**Provided information**
(* If a shift space $X\subseteq\mathscr{A}^\infty$ has the $\bar d$-shadowing property and $\sigma(X)=X$, then $X$ is chain mixing.
   Context: Shift spaces are nonempty closed shift-invariant subsets of $\mathscr{A}^\infty=\mathscr{A}^{\mathbb N_0}$ ($\mathscr{A}$ finite, $\sigma$ the left shift); $\mathcal L(X)$, $\mathcal L_n(X)$ denote the words (of length $n$) appearing in $X$. $\bar d(x,y)=\limsup_{n\to\infty}\frac1n|\{0\le j<n:x_j\ne y_j\}|$. $X$ has the $\bar d$-shadowing property if for every $\varepsilon>0$ there is $N$ such that for every sequence $(w^{(j)})_{j\ge1}$ in $\mathcal L(X)$ with $|w^{(j)}|\ge N$ there is $x'\in X$ with $\bar d(w^{(1)}w^{(2)}\cdots,x')<\varepsilon$. The $n$-th Markov approximation $X^M_n$ is the set of $x\in\mathscr{A}^\infty$ all of whose subwords of length $n+1$ are in $\mathcal L_{n+1}(X)$. $X$ is chain mixing if $X^M_n$ is topologically mixing for all but finitely many $n$ (topologically mixing: for all $u,w\in\mathcal L$ there is $N$ such that for each $n\ge N$ some $v$ with $|v|=n$ has $uvw\in\mathcal L$). *)

From HB Require Import structures.
From mathcomp Require Import all_boot all_order all_algebra.
From mathcomp Require Import all_classical all_reals all_analysis.
Set Implicit Arguments. Unset Strict Implicit. Unset Printing Implicit Defensive.
Import Order.TTheory GRing.Theory Num.Theory.
Local Open Scope ring_scope.

Section Shifts.
Variable A : finType.

Definition seqA := nat -> A.

Definition shiftA (x : seqA) : seqA := fun n => x n.+1.

Definition subword (x : seqA) (i m : nat) : seq A := mkseq (fun k => x (i + k)) m.

(* closed in the product topology of the discrete topology on A:
   every point of the closure of X lies in X *)
Definition closed_seqs (X : seqA -> Prop) : Prop :=
  forall x : seqA,
    (forall n, exists y, X y /\ forall i, (i < n)%N -> y i = x i) -> X x.

Definition shift_space (X : seqA -> Prop) : Prop :=
  (exists x, X x) /\ closed_seqs X /\ (forall x, X x -> X (shiftA x)).

Definition lang (X : seqA -> Prop) (w : seq A) : Prop :=
  exists x, X x /\ exists i, w = subword x i (size w).

Definition markov_approx (X : seqA -> Prop) (n : nat) : seqA -> Prop :=
  fun x => forall i, lang X (subword x i n.+1).

Definition top_mixing (Y : seqA -> Prop) : Prop :=
  forall u w, lang Y u -> lang Y w ->
    exists N, forall n, (N <= n)%N ->
      exists v : seq A, size v = n /\ lang Y (u ++ v ++ w).

Definition chain_mixing (X : seqA -> Prop) : Prop :=
  exists n0, forall n, (n0 <= n)%N -> top_mixing (markov_approx X n).

Definition dbar (R : realType) (x y : seqA) : \bar R :=
  limn_esup (fun n : nat =>
    ((#|[set j : 'I_n | x j != y j]|)%:R / n%:R : R)%:E).

(* z is the infinite concatenation w 0 ++ w 1 ++ w 2 ++ ... *)
Definition is_concat (w : nat -> seq A) (z : seqA) : Prop :=
  forall j i (a : A), (i < size (w j))%N ->
    z ((\sum_(k < j) size (w k)) + i)%N = nth a (w j) i.

Definition dbar_shadowing (R : realType) (X : seqA -> Prop) : Prop :=
  forall eps : R, 0 < eps ->
    exists N : nat, (0 < N)%N /\
      forall (w : nat -> seq A),
        (forall j, lang X (w j) /\ (N <= size (w j))%N) ->
        forall z, is_concat w z ->
          exists x', X x' /\ (dbar R z x' < eps%:E)%E.

End Shifts.

From mathcomp Require Import all_boot all_order all_algebra.
From mathcomp Require Import all_classical all_reals all_analysis.
From mathcomp Require Import zify ring.
Set Implicit Arguments. Unset Strict Implicit. Unset Printing Implicit Defensive.
Import Order.TTheory GRing.Theory Num.Theory.

(* For n >= 1 the Markov approximation X^M_n is the set of walks
   in the Rauzy graph of order n of X: its vertices are the n-words of X and
   its edges the (n+1)-words.  Such a subshift is topologically mixing as soon
   as this graph is strongly connected and aperiodic (it has closed walks of
   two consecutive lengths at some vertex), and both properties follow from
   d-bar shadowing combined with sigma(X) = X:
   - concatenating long blocks taken from points of X gives a sequence that is
     d-bar close to some x' in X; since a mismatch in every n-window of a
     block costs density 1/n, x' must reproduce a whole n-window of the
     concatenation in some block of every arithmetic progression of blocks;
   - alternating blocks starting with a and blocks ending with b (the latter
     exist because every point has preimages) then yields a walk from a to b;
   - if all closed walks had lengths divisible by some g > 1, repeating one
     block of length 1 mod g would yield, in the same way, a closed walk whose
     length is not divisible by g. *)

Section Words.
Variable A : finType.
Implicit Types (x y z : seqA A).

Definition shift_by x k : seqA A := fun t => x (k + t).

Definition glue y1 y2 o : seqA A :=
  fun t => if t < o then y1 t else y2 (t - o).

Definition blocks M (F : nat -> seqA A) : seqA A := fun t => F (t %/ M) (t %% M).

Lemma size_subword x i m : size (subword x i m) = m.
Proof. exact: size_mkseq. Qed.

Lemma subword_ext x y i j m :
  (forall t, t < m -> x (i + t) = y (j + t)) -> subword x i m = subword y j m.
Proof.
by move=> H; apply/eq_in_map => t; rewrite mem_iota add0n => /H.
Qed.

Lemma subword_eq_at x y i j m :
  subword x i m = subword y j m -> forall t, t < m -> x (i + t) = y (j + t).
Proof.
move=> H t tm; have := congr1 (fun s => nth (x 0) s t) H.
by rewrite /= !nth_mkseq.
Qed.

Lemma subword_shift_by x k i m : subword (shift_by x k) i m = subword x (k + i) m.
Proof. by apply: subword_ext => t _; rewrite /shift_by addnA. Qed.

Lemma subword_cat x i a b :
  subword x i (a + b) = subword x i a ++ subword x (i + a) b.
Proof.
rewrite /subword /mkseq iotaD map_cat; congr (_ ++ _).
rewrite add0n -[a]addn0 iotaDl -map_comp addn0.
by apply: eq_map => t /=; congr x; exact: addnA.
Qed.

Lemma subword_glue_l y1 y2 o n i l :
  subword y1 o n = subword y2 0 n -> i + l <= o + n ->
  subword (glue y1 y2 o) i l = subword y1 i l.
Proof.
move=> E il; apply: subword_ext => t tl; rewrite /glue.
case: ltnP => // ot; have tn : i + t - o < n.
  by rewrite ltn_subLR //; apply: leq_trans il; rewrite ltn_add2l.
by have := subword_eq_at E tn; rewrite add0n subnKC.
Qed.

Lemma subword_glue_r y1 y2 o i l :
  o <= i -> subword (glue y1 y2 o) i l = subword y2 (i - o) l.
Proof.
move=> oi; apply: subword_ext => t _.
by rewrite /glue ltnNge (leq_trans oi (leq_addr _ _)) /= addnBAC.
Qed.

Lemma blocks_concat M F :
  0 < M -> is_concat (fun k => mkseq (F k) M) (blocks M F).
Proof.
move=> M0 j i a; rewrite size_mkseq => iM.
rewrite (eq_bigr (fun _ => M)) => [|k _]; last by rewrite size_mkseq.
rewrite sum_nat_const card_ord /blocks divnMDl // divn_small // addn0.
by rewrite modnMDl modn_small // nth_mkseq.
Qed.

Lemma subword_blocks M F k r l :
  0 < M -> r + l <= M -> subword (blocks M F) (k * M + r) l = subword (F k) r l.
Proof.
move=> M0 rl; apply: subword_ext => t tl.
have lt : r + t < M by apply: leq_trans rl; rewrite ltn_add2l.
by rewrite /blocks -addnA divnMDl // divn_small // addn0 modnMDl modn_small.
Qed.

Definition mismatch z x : pred nat := fun j => z j != x j.

Lemma card_mismatch z x T :
  #|[set j : 'I_T | z j != x j]| = count (mismatch z x) (iota 0 T).
Proof.
by rewrite cardsE -sum1_card -(big_mkord (mismatch z x) (fun _ => 1))
  /index_iota subn0 sum1_count.
Qed.

Lemma count_iota_mono (P : pred nat) a l l' :
  l <= l' -> count P (iota a l) <= count P (iota a l').
Proof.
by move=> ll'; rewrite -(subnKC ll') iotaD count_cat leq_addr.
Qed.

Lemma count_windows (P : pred nat) a n c :
  (forall w, w < c -> has P (iota (a + w * n) n)) -> c <= count P (iota a (c * n)).
Proof.
elim: c => [//|c IH] H; rewrite mulSnr iotaD count_cat -addn1 leq_add //.
  by apply: IH => w wc; apply: H; rewrite ltnS ltnW.
by rewrite -has_count; apply: H.
Qed.

Lemma mismatch_window z x i n :
  subword z i n != subword x i n -> has (mismatch z x) (iota i n).
Proof.
apply: contraR => /hasPn same; apply/eqP/subword_ext => t tn.
by apply/eqP; rewrite -[_ == _]negbK; apply: same; rewrite mem_iota leq_addr ltn_add2l.
Qed.

Lemma count_block z x n M k :
  (forall r, r + n <= M -> subword z (k * M + r) n != subword x (k * M + r) n) ->
  M %/ n <= count (mismatch z x) (iota (k * M) M).
Proof.
move=> dead; apply: leq_trans (count_iota_mono _ _ (leq_divM M n)).
apply: count_windows => w wc; apply: mismatch_window; apply: dead.
by apply: leq_trans (leq_divM M n); rewrite -mulSnr leq_mul2r wc orbT.
Qed.

Lemma count_progression (P : pred nat) M c k0 p J : 0 < p ->
  (forall j, c <= count P (iota ((k0 + p * j) * M) M)) ->
  J * c <= count P (iota 0 ((k0 + p * J) * M)).
Proof.
move=> p0 H; elim: J => [//|J IH].
have -> : (k0 + p * J.+1) * M = (k0 + p * J) * M + p * M by ring.
rewrite iotaD count_cat add0n mulSn addnC leq_add //.
by apply: leq_trans (H J) (count_iota_mono _ _ _); rewrite leq_pmull.
Qed.

End Words.

Lemma limn_esup_ge (R : realType) (u : (\bar R)^nat) (e : \bar R) :
  (forall N, exists2 T, N <= T & (e <= u T)%E) -> (e <= limn_esup u)%E.
Proof.
move=> H; rewrite limn_esup_lim.
have -> : limn (esups u) = ereal_inf (range (esups u)).
  by apply: cvg_lim => //; exact: cvg_esups_inf.
apply: le_ereal_inf_tmp => _ [N _ <-]; have [T NT eT] := H N.
by apply: le_trans eT _; apply: ereal_sup_ubound; exists T.
Qed.

(* The arithmetic behind the density bound: J blocks of the progression, each
   contributing M %/ n mismatches, before position (k0 + p J) M. *)
Lemma progression_density n M p k0 J : 0 < n -> n <= M -> k0 < J ->
  (k0 + p * J) * M <= J * (M %/ n) * (2 * n * p.+1).
Proof.
move=> n0 nM kJ; have c0 : 0 < M %/ n by rewrite divn_gt0.
have M2 : M <= 2 * (M %/ n) * n by have := ltn_ceil M n0; nia.
have kp : k0 + p * J <= p.+1 * J by rewrite mulSn leq_add2r ltnW.
by apply: leq_trans (leq_mul kp M2) _; nia.
Qed.

Section Density.
Variables (R : realType) (A : finType).
Implicit Types (x z : seqA A).

Lemma dbar_progression_bound z x n M p k0 :
  0 < n -> n <= M -> 0 < p ->
  (forall j r, r + n <= M ->
     subword z ((k0 + p * j) * M + r) n != subword x ((k0 + p * j) * M + r) n) ->
  ((((2 * n * p.+1)%:R : R)^-1)%:E <= dbar R z x)%E.
Proof.
move=> n0 nM p0 dead; apply: limn_esup_ge => N; set J := (N + k0).+1.
have M0 : 0 < M by apply: leq_trans nM.
exists ((k0 + p * J) * M); first by rewrite /J; nia.
have T0 : 0 < (k0 + p * J) * M by rewrite /J; nia.
have D0 : 0 < 2 * n * p.+1 by rewrite !muln_gt0 n0.
rewrite lee_fin card_mismatch ler_pdivlMr ?ltr0n // mulrC ler_pdivrMr ?ltr0n //.
rewrite -natrM ler_nat; apply: leq_trans (progression_density p n0 nM _) _.
  by rewrite /J ltnS leq_addl.
rewrite leq_mul2r; apply/orP; right.
by apply: count_progression p0 _ => j; apply: count_block; apply: dead.
Qed.

Lemma window_in_progression z x n M p :
  0 < n -> n <= M -> 0 < p ->
  (dbar R z x < (((2 * n * p.+1)%:R : R)^-1)%:E)%E ->
  forall k0, exists j r, r + n <= M /\
    subword z ((k0 + p * j) * M + r) n = subword x ((k0 + p * j) * M + r) n.
Proof.
move=> n0 nM p0 close k0; apply: contrapT => none.
have := dbar_progression_bound n0 nM p0 (k0:=k0) (z:=z) (x:=x).
have dead : forall j r, r + n <= M -> subword z ((k0 + p * j) * M + r) n
    != subword x ((k0 + p * j) * M + r) n.
  by move=> j r rM; apply/eqP => E; apply: none; exists j, r.
by move=> /(_ dead) /(lt_le_trans close); rewrite ltxx.
Qed.

End Density.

**Goal of the exercise**
Across the data, tally the lines containing "dead" and give back the number alone.

**Task result**
6